By the age of 2 years, 35% of the children (46 of 132) had developed allergic eczema, a condition in which the skin becomes irritated, red and itchy. But children who had received probiotics were half as likely to develop the skin condition, . This cut in eczema risk is the "most spectacular, single result" to come out of studies on preventing allergic disease, Dr. Simon H. Murch of Royal Free and University College School of Medicine in London, UK, said in an interview.

Exactly why friendly gut bacteria might protect against allergies is unclear, but the effect may be an "extension of the hygiene hypothesis." This hypothesis holds that the worldwide growth in allergic disease is in part due to our increasingly sterile surroundings. When babies are exposed to germs early on, some experts suggest, their immune systems are steered toward infection-fighting mode, and away from the tendency to overreact to normally benign substances. Support for this idea comes from studies showing that infants who have more colds and other infections have lower asthma rates later in life.
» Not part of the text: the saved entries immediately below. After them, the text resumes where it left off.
(* Let $N_T\geq 1$ be an integer, let $m=2(N_T+2)$ and $n=N_T+2+m$. Let $\tilde A_0,\tilde A_1,\dots,\tilde A_{N_T},\tilde\gamma_0,\tilde\gamma_1,\dots,\tilde\gamma_{N_T+1}$ be arbitrary real numbers and let $r\in\mathbb{R}$, $r\neq 0$. Then there exist $\gamma>0$ and a unitary $n\times n$ complex matrix $M=(M_{i,j})_{i,j=0}^{n-1}$ of the following form: with $A_j:=\gamma\tilde A_j$ ($0\le j\le N_T$) and $\gamma_i:=\gamma\tilde\gamma_i$ ($0\le i\le N_T+1$), - $M_{0,j}=A_j$ for $0\le j\le N_T$; - for $0\le k\le N_T$ and $0\le j\le N_T$: $M_{k+1,j}=0$ if $j=k$, and $M_{k+1,j}=-r\,A_j$ if $j\neq k$; - $M_{i,N_T+1}=\gamma_i$ for $0\le i\le N_T+1$; - all remaining entries (those with $i\geq N_T+2$ or $j\geq N_T+2$) are unconstrained complex numbers.
   Context: Interpretation: rows/columns $0,1,\dots,N_T+1$ correspond to the basis states $|E\rangle,|\tau_0\rangle,\dots,|\tau_{N_T}\rangle$ of a clock and the last $m$ indices to stationary ancilla states $|A_1\rangle,\dots,|A_m\rangle$; the prescribed entries encode the conditions that the outcomes corresponding to $A_0,\dots,A_{N_T}$ are counterfactual outcomes, with $r=\cos\theta/\sin\theta$ and probabilities $|\cos\theta\, A_l|^2$. The proposition asserts existence of such a counterfactual clock with $m=2(N_T+2)$ ancillas for arbitrarily many distinguishable times. *)

From HB Require Import structures.
From mathcomp Require Import all_boot all_order all_algebra.
From mathcomp Require Export spectral.
From mathcomp Require Export complex.
From mathcomp Require Export reals.
Set Implicit Arguments. Unset Strict Implicit. Unset Printing Implicit Defensive.
Import Order.TTheory GRing.Theory Num.Theory.
Local Open Scope ring_scope.

Definition clock_dim (NT : nat) : nat := (NT + 2 + 2 * (NT + 2))%N.

From HB Require Import structures.
From mathcomp Require Import all_boot all_order all_algebra.
From mathcomp Require Import spectral complex reals.
From mathcomp Require Import zify.

Set Implicit Arguments.
Unset Strict Implicit.
Unset Printing Implicit Defensive.
Import Order.TTheory GRing.Theory Num.Theory.
Local Open Scope ring_scope.
Local Open Scope complex_scope.

(* The prescribed entries form the top-left k x k block (k = N_T+2) of M, equal
   to gamma B for a fixed real matrix B.  Writing B B^* = P^* diag(e) P with P
   unitary and e >= 0, any gamma > 0 with gamma^2 e_i <= 1 makes gamma B a
   contraction, and D := P^* diag(sqrt(1 - gamma^2 e_i)) satisfies
   (gamma B)(gamma B)^* + D D^* = 1.  The rows of [gamma B  D] are therefore
   orthonormal; padded with zeros and completed by Gram-Schmidt on their
   orthogonal complement, they become the first k rows of a unitary matrix of
   any size n >= 2k. *)

Section UnitaryCompletion.
Local Open Scope sesquilinear_scope.
Variable C : numClosedFieldType.

Lemma castmx_unitarymx m n m' n' (e : (m = m') * (n = n')) (V : 'M[C]_(m, n)) :
  V \is unitarymx -> castmx e V \is unitarymx.
Proof. by case: e => em en; case: m' / em; case: n' / en; rewrite castmx_id. Qed.

Lemma row_mx_unitarymx k p q (A : 'M[C]_(k, p)) (B : 'M[C]_(k, q)) :
  A *m A^t* + B *m B^t* = 1%:M -> row_mx A B \is unitarymx.
Proof. by move=> AB; apply/unitarymxP; rewrite tr_row_mx map_col_mx mul_row_col. Qed.

Lemma col_mx_unitarymx k l n (V : 'M[C]_(k, n)) (W : 'M[C]_(l, n)) :
  V \is unitarymx -> W \is unitarymx -> V *m W^t* = 0 ->
  col_mx V W \is unitarymx.
Proof.
move=> Vu Wu VW; apply/unitarymxP.
rewrite tr_col_mx map_row_mx mul_col_row !(unitarymxP _) // VW.
have -> : W *m V^t* = 0 by rewrite -[W]trmxCK -map_mxM -trmx_mul VW trmx0 map_mx0.
by rewrite -scalar_mx_block.
Qed.

Lemma unitarymx_complete_rows k n (V : 'M[C]_(k, n)) : V \is unitarymx ->
  exists2 M : 'M[C]_n, M \is unitarymx &
    forall (i j : 'I_n) (i' : 'I_k), i = i' :> nat -> M i j = V i' j.
Proof.
move=> Vu.
pose O := orthomx Num.conj (mx_of_hermitian (hermitian1mx _)) V.
pose W := schmidt (row_base O).
have Wu : W \is unitarymx by apply: schmidt_unitarymx; rewrite rank_leq_col.
have VW : V *m W^t* = 0.
  apply/orthomx1P; rewrite orthomx_sym eqmx_schmidt_free ?row_base_free //.
  by rewrite eq_row_base submx_refl.
have dimE : (k + \rank O)%N = n by rewrite -{1}(mxrank_unitary Vu) add_rank_ortho.
exists (castmx (dimE, erefl) (col_mx V W)).
  by apply: castmx_unitarymx; apply: col_mx_unitarymx.
move=> i j i' ii'; rewrite castmxE /=.
have -> : cast_ord (esym dimE) i = lshift _ i' by apply: val_inj.
by rewrite cast_ord_id col_mxEu.
Qed.

Lemma unitarymx_corner k p n (V : 'M[C]_(k, p)) : V \is unitarymx -> (p <= n)%N ->
  exists2 M : 'M[C]_n, M \is unitarymx &
    forall (i j : 'I_n) (i' : 'I_k) (j' : 'I_p),
      i = i' :> nat -> j = j' :> nat -> M i j = V i' j'.
Proof.
move=> Vu le_pn; have dimE := subnKC le_pn.
have Vpad : castmx (erefl k, dimE) (row_mx V 0) \is unitarymx.
  by apply/castmx_unitarymx/row_mx_unitarymx; rewrite (unitarymxP Vu) mul0mx addr0.
have [M Mu MV] := unitarymx_complete_rows Vpad.
exists M => // i j i' j' ii' jj'; rewrite (MV i j i') // castmxE cast_ord_id /=.
have -> : cast_ord (esym dimE) j = lshift _ j' by apply: val_inj.
by rewrite row_mxEl.
Qed.

End UnitaryCompletion.

Section UnitaryDilation.
Local Open Scope sesquilinear_scope.
Variable C : numClosedFieldType.

Lemma gram_spectral k p (B : 'M[C]_(k, p)) :
  exists P (e : 'rV[C]_k), [/\ P \is unitarymx,
    B *m B^t* = P^t* *m diag_mx e *m P & forall i, 0 <= e 0 i].
Proof.
pose G := B *m B^t*.
have G_normal : G \is normalmx.
  by apply/normalmxP; rewrite /G trmx_mul map_mxM trmxCK.
have := orthomx_spectralP G_normal.
set P := spectralmx G; set e := spectral_diag G => GE.
have Pu : P \is unitarymx by apply: spectral_unitarymx.
have PP : P *m P^t* = 1%:M by apply/unitarymxP.
rewrite invmx_unitary // in GE.
exists P, e; split => // i.
have diagE : diag_mx e = (P *m B) *m (P *m B)^t*.
  rewrite trmx_mul map_mxM !mulmxA -(mulmxA P B) -/G GE !mulmxA PP mul1mx.
  by rewrite -!mulmxA PP mulmx1.
move/matrixP: diagE => /(_ i i); rewrite !mxE eqxx mulr1n => ->.
by apply: sumr_ge0 => j _; rewrite !mxE mul_conjC_ge0.
Qed.

Lemma contraction_defect k p (A : 'M[C]_(k, p)) P (e : 'rV[C]_k) :
  P \is unitarymx -> A *m A^t* = P^t* *m diag_mx e *m P ->
  (forall i, 0 <= 1 - e 0 i) ->
  exists D : 'M[C]_k, A *m A^t* + D *m D^t* = 1%:M.
Proof.
move=> Pu AA e_le1; pose s := \row_i sqrtC (1 - e 0 i).
exists (P^t* *m diag_mx s).
have ss : diag_mx s *m (diag_mx s)^t* = 1%:M - diag_mx e.
  apply/matrixP => i j; rewrite tr_diag_mx map_diag_mx mul_diag_mx !mxE.
  case: (eqVneq i j) => [->|ne]; last by rewrite !mulr0n mulr0 subr0.
  by rewrite !mulr1n -normCK ger0_norm ?sqrtC_ge0 // sqrtCK.
rewrite trmx_mul map_mxM trmxCK !mulmxA -(mulmxA _ (diag_mx s)) ss AA.
rewrite -mulmxDl -mulmxDr addrC subrK mulmx1.
have /unitarymxP : P^t* \is unitarymx by rewrite trmxC_unitary.
by rewrite trmxCK.
Qed.

Lemma scaled_contraction_defect k p (B : 'M[C]_(k, p)) :
  exists2 g : C, 0 < g &
    exists D : 'M[C]_k, (g *: B) *m (g *: B)^t* + D *m D^t* = 1%:M.
Proof.
have [P [e [Pu BB e_ge0]]] := gram_spectral B.
pose E := \sum_i e 0 i.
have e_leE i : e 0 i <= E by rewrite /E (bigD1 i) //= lerDl sumr_ge0.
have E1_gt0 : 0 < 1 + E by rewrite ltr_wpDr // sumr_ge0.
pose g := sqrtC (1 + E)^-1.
have g_gt0 : 0 < g by rewrite sqrtC_gt0 invr_gt0.
have g2 : g ^+ 2 = (1 + E)^-1 by rewrite sqrtCK.
exists g => //; apply: (contraction_defect Pu (e := g ^+ 2 *: e)).
  have gBt : (g *: B)^t* = g *: B^t*.
    by apply/matrixP => i j; rewrite !mxE rmorphM /= (geC0_conj (ltW g_gt0)).
  rewrite gBt -scalemxAl -scalemxAr scalerA -expr2 BB.
  by rewrite [diag_mx (_ *: _)]linearZ /= -scalemxAr scalemxAl.
move=> i; rewrite mxE g2 subr_ge0 mulrC ler_pdivrMr // mul1r.
by rewrite (le_trans (e_leE i)) // lerDr.
Qed.

Lemma unitary_dilation k p n (B : 'M[C]_(k, p)) : (p + k <= n)%N ->
  exists2 g : C, 0 < g & exists2 M : 'M[C]_n, M \is unitarymx &
    forall (i j : 'I_n) (i' : 'I_k) (j' : 'I_p),
      i = i' :> nat -> j = j' :> nat -> M i j = g * B i' j'.
Proof.
move=> le_n; have [g g_gt0 [D gBD]] := scaled_contraction_defect B.
have [M Mu MV] := unitarymx_corner (row_mx_unitarymx gBD) le_n.
exists g => //; exists M => // i j i' j' ii' jj'.
by rewrite (MV i j i' (lshift k j')) // row_mxEl mxE.
Qed.

End UnitaryDilation.

Definition clock_block (R : pzRingType) (NT : nat) (At gt : nat -> R) (r : R)
    (i j : nat) : R :=
  if (j <= NT)%N then
    if i == 0%N then At j else if j == i.-1 then 0 else - r * At j
  else gt i.

Theorem proposition2 (R : realType) (NT : nat) (hNT : (1 <= NT)%N)
  (At : nat -> R) (gt : nat -> R) (r : R) (hr : r != 0) :
  exists (gamma : R) (M : 'M[R[i]]_(clock_dim NT)),
    [/\ 0 < gamma,
        M \is unitarymx,
        (forall i j : 'I_(clock_dim NT), i = 0%N :> nat -> (j <= NT)%N ->
            M i j = (gamma * At j)%:C),
        (forall (i j : 'I_(clock_dim NT)), (1 <= i <= NT.+1)%N -> (j <= NT)%N ->
            M i j = (if j == i.-1 :> nat then 0 else (- r * (gamma * At j))%:C))
      & (forall (i j : 'I_(clock_dim NT)), (i <= NT.+1)%N -> j = NT.+1 :> nat ->
            M i j = (gamma * gt i)%:C)].
Proof.
pose B : 'M[R[i]]_NT.+2 := \matrix_(i, j) (clock_block NT At gt r i j)%:C.
have le_n : (NT.+2 + NT.+2 <= clock_dim NT)%N by rewrite /clock_dim; lia.
have [g g_gt0 [M Mu MB]] := unitary_dilation B le_n.
have /complex_realP[gamma g_gamma] := gtr0_real g_gt0.
have M_block (i j : 'I_(clock_dim NT)) (ik : (i < NT.+2)%N) (jk : (j < NT.+2)%N) :
    M i j = (gamma * clock_block NT At gt r i j)%:C.
  by rewrite (MB i j (Ordinal ik) (Ordinal jk)) // mxE g_gamma rmorphM.
exists gamma, M; split => //.
- by rewrite -ltcR -g_gamma.
- move=> i j i0 le_jNT; rewrite M_block; [|lia..].
  by rewrite /clock_block le_jNT i0.
- move=> i j /andP[i_ge1 i_le] le_jNT; rewrite M_block; [|lia..].
  rewrite /clock_block le_jNT eqn0Ngt i_ge1 /=.
  by case: ifP => _; rewrite ?mulr0 // mulrCA.
- move=> i j i_le jE; rewrite M_block; [|lia..].
  by rewrite /clock_block jE ltnn.
Qed.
The results of this study suggest that intestine-dwelling bacteria may also play an important role in pushing the immune system away from allergic reactions, the Finnish researchers explain. But how gut bacteria might do this is unclear, noted Dr. Andrew Liu, a pediatric allergy specialist at National Jewish Medical and Research Center in Denver, Colorado. Also unknown is whether these friendly bacteria or infection-causing germs are more important in cutting allergy risk. Still, Liu said the findings are "quite exciting," in part because probiotic treatment seems harmless. And although the treatment has so far shown effects only on eczema, Liu noted, eczema is often an indicator of a child's later asthma risk.

Kalliomaki M, Salminen S, Arvilommi H, Kero P, Koskinen P, Isolauri E. Probiotics in primary prevention of atopic disease: a randomised placebo-controlled trial. The Lancet 2001;357:1076-1079.